Distances in metres, angles in radians! The bearing alpha is measured with east
as 0 radians, and north as PI/2 radians.
------------------------------------------------------------------------------*/
/*
//----------------------//
// translate //
//----------------------//
void translate(double phi0, double theta0, double delta, double alpha,
double& phi1, double& theta1) {
} // End of function translate.
*/
//----------------------//
// int_rect::print //
//----------------------//
void int_rect::print(ostream& os) {
os << "(x, y, w, h) = (" << x << ", " << y
<< ", " << w << ", " << h << ")\n";
} // End of function int_rect::print.
//--------------------------//
// real_rect::positivize //
//--------------------------//
void real_rect::positivize() {
if (w < 0) {
x += w;
w = -w;
}
if (h < 0) {
y += h;
h = -h;
}
} // End of function real_rect::positivize.
/*------------------------------------------------------------------------------
This function returns a "position2" structure if the given point lies within the
real rectangle. If the rectangle has zero width or height and the point lies in
the zero-area region, then it is still considered to be in the region.

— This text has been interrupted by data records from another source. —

Theorem proposition9 (l : nat) (p : 'I_l -> nat) (n d : nat)
    (X : @obj l p n) :
  @cofibrant l p n d X /\ @fibrant l p n d X.
Proof. by split; [apply: cofibrant_obj | apply: fibrant_obj]. Qed.
(* For uniform routing the hitting probabilities are explicit: Q_jj = 1 and
   Q_kj = q = p / (1 - (d-2) p) for k <> j.  Since lambda_1 = 0, the traffic
   solution has nu_1 = O(p) while nu_j >= lambda_j / 2 for j <> 1, so for small p
   the number s_1 = sqrt nu_1 is much smaller than every other s_j = sqrt nu_j.
   With mu_i = (s_i + t)^2 one has
     gamma (mu / (1 + gamma) - nu) = t^2 - (t - gamma s)^2 / (1 + gamma),
   so an objective above t^2 - 1 forces gamma_i s_i to lie within a factor 2
   of t for every i; hence gamma_1 dominates all gamma_j so strongly that on the
   direction v = 1 - e_1 the vector gamma_1-> has the largest scalar product,
   and gamma is not in Gamma.  The supremum is therefore at most
   t^2 - 1 < t^2 = min_i (sqrt mu_i - sqrt nu_i)^2. *)

Lemma objective_term_gap (R : fieldType) (s t g : R) : 1 + g != 0 ->
  g * ((s + t) ^+ 2 / (1 + g) - s ^+ 2) = t ^+ 2 - (t - g * s) ^+ 2 / (1 + g).
Proof. by move=> g1; field. Qed.

Lemma objective_term_window (R : realFieldType) (s t g : R) :
  0 < s -> 0 <= g -> 4 <= s * t -> 3 <= t ->
  t ^+ 2 - 1 < g * ((s + t) ^+ 2 / (1 + g) - s ^+ 2) ->
  t <= 2 * g * s /\ g * s <= 2 * t.
Proof.
move=> s_gt0 g_ge0 st_ge4 t_ge3.
have g1_gt0 : 0 < 1 + g by lra.
rewrite objective_term_gap ?gt_eqF // => term_gt.
have {term_gt} gap_lt : (t - g * s) ^+ 2 < 1 + g.
  by rewrite -[1 + g]mul1r -ltr_pdivrMr //; lra.
split; rewrite leNgt; apply/negP => h.
- have : t ^+ 2 / 4 < (t - g * s) ^+ 2 by nra.
  nra.
- nra.
Qed.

If w or h is negative, then the region is considered to be empty.
If the rectangle parameter is non-null, the returned point is scaled to lie in
that rectangle. Otherwise it lies in [0,1] x [0,1].
------------------------------------------------------------------------------*/
//----------------------//
// real_rect::view //
//----------------------//
position2* real_rect::view(position2* pp, real_rect* rr) {
if (!pp)
return 0;
if (pp->x < x || pp->x > x + w || pp->y < y || pp->y > y + h)
return 0;
double x_view = pp->x - x;
double y_view = pp->y - y;
if (w == 0)
x_view = 0;
else
x_view /= w;
if (h == 0)
y_view = 0;
else
y_view /= h;
if (rr) {
x_view *= rr->w;
x_view += rr->x;
y_view *= rr->h;
y_view += rr->y;
}
position2* pp2 = new position2(x_view, y_view);
return pp2;
} // End of function real_rect::view.
/*------------------------------------------------------------------------------
This returns the coords of the intersections of a given line with
the rectangle. This is intended for use in drawing the line segment which is
created by the intersection of the line with the rectangle.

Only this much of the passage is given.